In this study, I investigated the temporal evolution of cloud streets during Arctic cold air outbreaks (CAOs) and their impact on the atmospheric radiation budget. Cloud streets, which are linear cloud formations, play a significant role in Arctic meteorology, particularly in the context of Arctic amplification. Using data from the HALO-(AC)³ airborne campaign, conducted in the Fram Strait region, I analyzed how these cloud formations evolve and influence the Earth's energy balance.

My research focused on the changes in cloud street structure during a specific CAO event on April 4, 2022. Over a period of approximately two hours, I observed a transition from organized cloud streets to more isotropic cloud patterns. This transition was primarily driven by a decrease in wind speed, which reduced the turbulent kinetic energy necessary to maintain the linear structure of cloud streets. The Richardson number, a measure of the balance between buoyancy and wind shear, indicated that as wind speeds dropped below 11 m/s, the cloud streets began to dissipate, leading to an increase in cloud fraction and cloud top height.

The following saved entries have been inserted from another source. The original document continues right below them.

Lemma detached_nbr_adj : gE v p.
Proof. by case/andP: detached_nbrP; rewrite inE. Qed.

Lemma detached_nbr_nadj : ~~ gE u p.
Proof.
case/andP: detached_nbrP => pv; apply: contra => up.
by apply: connect1; rewrite /nbhd_rel up pv inE gsym uv.
Qed.

Lemma detached_nbr_neq : u != p.
Proof. by case/andP: detached_nbrP => _; apply: contraNneq => <-; rewrite connect0. Qed.

Lemma detached_nbr_common w : gE v w -> gE u w -> ~~ gE w p.
Proof.
move=> vw uw; case/andP: detached_nbrP => pv; apply: contra => wp.
have wv : w \in nbhd v by rewrite inE.
apply: connect_trans (connect1 (_ : nbhd_rel v u w)) (connect1 (_ : nbhd_rel v w p)).
  by rewrite /nbhd_rel uw wv inE gsym uv.
by rewrite /nbhd_rel wp wv.
Qed.

End DetachedNeighbour.

Section MultiCompNeighbours.
Variables (G : graph) (n : nat) (u : G).
Hypothesis noKstar : ~ induced_sub (Kstar n) G.
Hypothesis noK1star : ~ induced_sub (K1star n) G.
Hypothesis noCK : ~ induced_sub (CK n) G.
Hypothesis noK2n : ~ induced_sub (K2n n) G.

Local Notation p := (detached_nbr u).

Lemma detached_fan_contra t : uniq t -> n <= size t ->
  {in t, forall v, gE u v /\ multi_comp_nbhd v} ->
  homogeneous (@gE G) t -> homogeneous (fun v w => gE (p v) (p w)) t ->
  {in t &, forall v w, v != w -> ~~ gE v (p w)} -> False.
Proof.
move=> t_uniq nt tW hom1 hom2 cross; have t_fan : pendant_fan u p t.
  split=> // v /tW [uv vm]; split; rewrite ?detached_nbr_neq ?detached_nbr_nadj //.
  exact: detached_nbr_adj.
by case: (pendant_fan_induced t_fan nt hom1 hom2) => [|[|]].
Qed.

Lemma detached_hub_contra v s : gE u v -> multi_comp_nbhd v -> uniq s -> n <= size s ->
  {in s, forall w, gE u w} -> pairwise (fun w w' => ~~ gE w w') s ->
  all (fun w => gE (p v) w == true) s -> False.
Proof.
move=> uv vm s_uniq ns us s_indep /allP pv_s; apply: noK2n.
apply: (@hub_K2n_induced _ u (p v) s n s_uniq ns) => // [||w ws].
- exact: detached_nbr_nadj.
- exact: detached_nbr_neq.
- by rewrite us //; apply/eqP; apply: pv_s.
Qed.
Lemma rslice_tmul2 b T U : multiplicative b ->
  rslice b (tmul2 H T U) = hmul H (rslice b T) (rslice b U).
Proof.
move=> mb; apply/rowP => c; rewrite mxE hmulE /tmul2.
under eq_bigr do rewrite mulrC; rewrite exchange_mulr_sum4.
under [RHS]eq_bigr => j _ do under eq_bigr => j' _ do rewrite !mxE mulr_sum2_mulr.
under [RHS]eq_bigr => j _ do rewrite exchange_big.
apply: eq_bigr => i _; apply: eq_bigr => j _; apply: eq_bigr => i' _; apply: eq_bigr => j' _.
rewrite (eq_bigr (fun a => b 0 a * hmu H j j' 0 a * (T i j * U i' j' * hmu H i i' 0 c))).
  by rewrite -mulr_suml mb; ring.
by move=> a _; ring.
Qed.

Lemma lslice3_tmul3 b (T U : tensor3 k n) j l : multiplicative b ->
  \sum_a b 0 a * tmul3 H T U a j l = tmul2 H (lslice3 b T) (lslice3 b U) j l.
Proof.
move=> mb; rewrite /tmul3 /tmul2 exchange_mulr_sum6.
under [RHS]eq_bigr => j1 _ do under eq_bigr => j2 _ do under eq_bigr => j3 _ do
  under eq_bigr => j4 _ do rewrite mulr_sum2_mulr.
rewrite [RHS]exchange_big_last4.
under [RHS]eq_bigr => i _ do under eq_bigr => j1 _ do under eq_bigr => j2 _ do
  rewrite exchange_big_last2.
apply: eq_bigr => i _; apply: eq_bigr => j1 _; apply: eq_bigr => j2 _.
apply: eq_bigr => i' _; apply: eq_bigr => j1' _; apply: eq_bigr => j2' _.
rewrite (eq_bigr (fun a => b 0 a * hmu H i i' 0 a * (T i j1 j2 * U i' j1' j2' *
   (hmu H j1 j1' 0 j * hmu H j2 j2' 0 l)))).
  by rewrite -mulr_suml mb; ring.
by move=> a _; ring.
Qed.

Lemma rslice3_tmul3 b (T U : tensor3 k n) i j : multiplicative b ->
  \sum_c tmul3 H T U i j c * b 0 c = tmul2 H (rslice3 b T) (rslice3 b U) i j.
Proof.
move=> mb; rewrite /tmul3 /tmul2.
under eq_bigr do rewrite mulrC; rewrite exchange_mulr_sum6.
under [RHS]eq_bigr => j1 _ do under eq_bigr => j2 _ do under eq_bigr => j3 _ do
  under eq_bigr => j4 _ do rewrite mulr_sum2_mulr.
under [RHS]eq_bigr => i1 _ do under eq_bigr => j1 _ do rewrite exchange_big_last2.
apply: eq_bigr => i1 _; apply: eq_bigr => j1 _; apply: eq_bigr => l _.
apply: eq_bigr => i' _; apply: eq_bigr => j1' _; apply: eq_bigr => l' _.
rewrite (eq_bigr (fun a => b 0 a * hmu H l l' 0 a * (T i1 j1 l * U i' j1' l' *
   (hmu H i1 i' 0 i * hmu H j1 j1' 0 j)))).
  by rewrite -mulr_suml mb; ring.
by move=> a _; ring.
Qed.

End Coordinates.

Section HopfAxioms.
Variables (k : fieldType) (n : nat) (H : hopf_data k n).
Hypothesis hH : is_hopf H.
Implicit Types (x y z : 'rV[k]_n).
Local Notation one := (hone H).
Local Notation d := (hdelta H).
Local Notation eps := (hone (hdual H)).
Local Notation conv := (hmul (hdual H)).

Lemma hmulA x y z : hmul H (hmul H x y) z = hmul H x (hmul H y z).
Proof. by case: hH. Qed.

Lemma hmul1r x : hmul H one x = x.
Proof. by case: hH => _ [/(_ x) []]. Qed.

Lemma hmulr1 x : hmul H x one = x.
Proof. by case: hH => _ [/(_ x) []]. Qed.

Lemma hdelta_coassoc i a b c : \sum_j d i j c * d j a b = \sum_l d i a l * d l b c.
Proof. by case: hH => _ [_ []]. Qed.
(* Let $M$ be a multiplier on $\mathscr{A}(\mathbb{R})$ with multiplier sequence $(m_n)_{n\in\mathbb{N}}$. If $M$ is the generator of a $C_0$-semigroup $(T_t)_{t\geq 0}$ on $\mathscr{A}(\mathbb{R})$, then every $T_t$ is a multiplier, and for every $t\geq 0$ the multiplier sequence of $T_t$ is $(\exp(tm_n))_{n\in\mathbb{N}}$.
   Context: $\mathscr{A}(\mathbb{R})$ denotes the space of real analytic functions on $\mathbb{R}$ with its natural inductive limit topology $\mathscr{A}(\mathbb{R})=\operatorname{ind}_{U\supset\mathbb{R}}H(U)$, where $U$ runs over complex open neighbourhoods of $\mathbb{R}$ and $H(U)$ carries the compact-open topology. A continuous linear operator $M:\mathscr{A}(\mathbb{R})\to\mathscr{A}(\mathbb{R})$ is a multiplier if $M(x^n)=m_nx^n$ for all $n\in\mathbb{N}$; $(m_n)$ is its multiplier sequence. A $C_0$-semigroup is a family $(T_t)_{t\ge0}$ of continuous linear operators with $T_tT_s=T_{t+s}$, $T_0=I$, and $t\mapsto T_tf$ continuous for each $f$; its generator is $Af=\lim_{t\to0^+}(T_tf-f)/t$ on the domain where this limit exists. ''$M$ generates the semigroup'' means $M$ is its generator. *)

From Stdlib Require Import Reals.
From Coquelicot Require Export Coquelicot.
Open Scope R_scope.

Definition Cexp (z : C) : C :=
  (exp (fst z) * cos (snd z), exp (fst z) * sin (snd z)).

Definition C_open (U : C -> Prop) : Prop :=
  forall z, U z -> exists r, 0 < r /\ forall w, Cmod (Cminus w z) < r -> U w.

The transition from cloud streets to isotropic clouds also resulted in significant changes in cloud properties. I found that isotropic clouds had a higher cloud fraction and cloud tops, which affected the cloud albedo and the longwave radiation emitted by the clouds. Specifically, the albedo decreased as cloud streets became more isotropic, meaning less solar radiation was reflected, and more was absorbed by the Earth's surface. Additionally, in situ measurements from the Polar 6 aircraft revealed that as the cloud structure became more isotropic, the number concentration of larger ice particles increased, suggesting deeper clouds with more potential for precipitation.

The changes in cloud structure during the CAO event had a measurable impact on the atmospheric radiation budget. The transition to isotropic clouds resulted in a decrease in the net longwave radiation emitted to space and a corresponding increase in the shortwave radiation absorbed by the surface. These findings underscore the importance of accurately modeling cloud processes in climate prediction models, particularly in the rapidly changing Arctic environment.

My research demonstrates that the evolution of cloud streets during Arctic cold air outbreaks significantly influences both cloud microphysical and macrophysical properties and the atmospheric radiation budget. These findings contribute to a better understanding of Arctic amplification and highlight the need for improved climate models to predict the future impacts of these processes on global climate systems.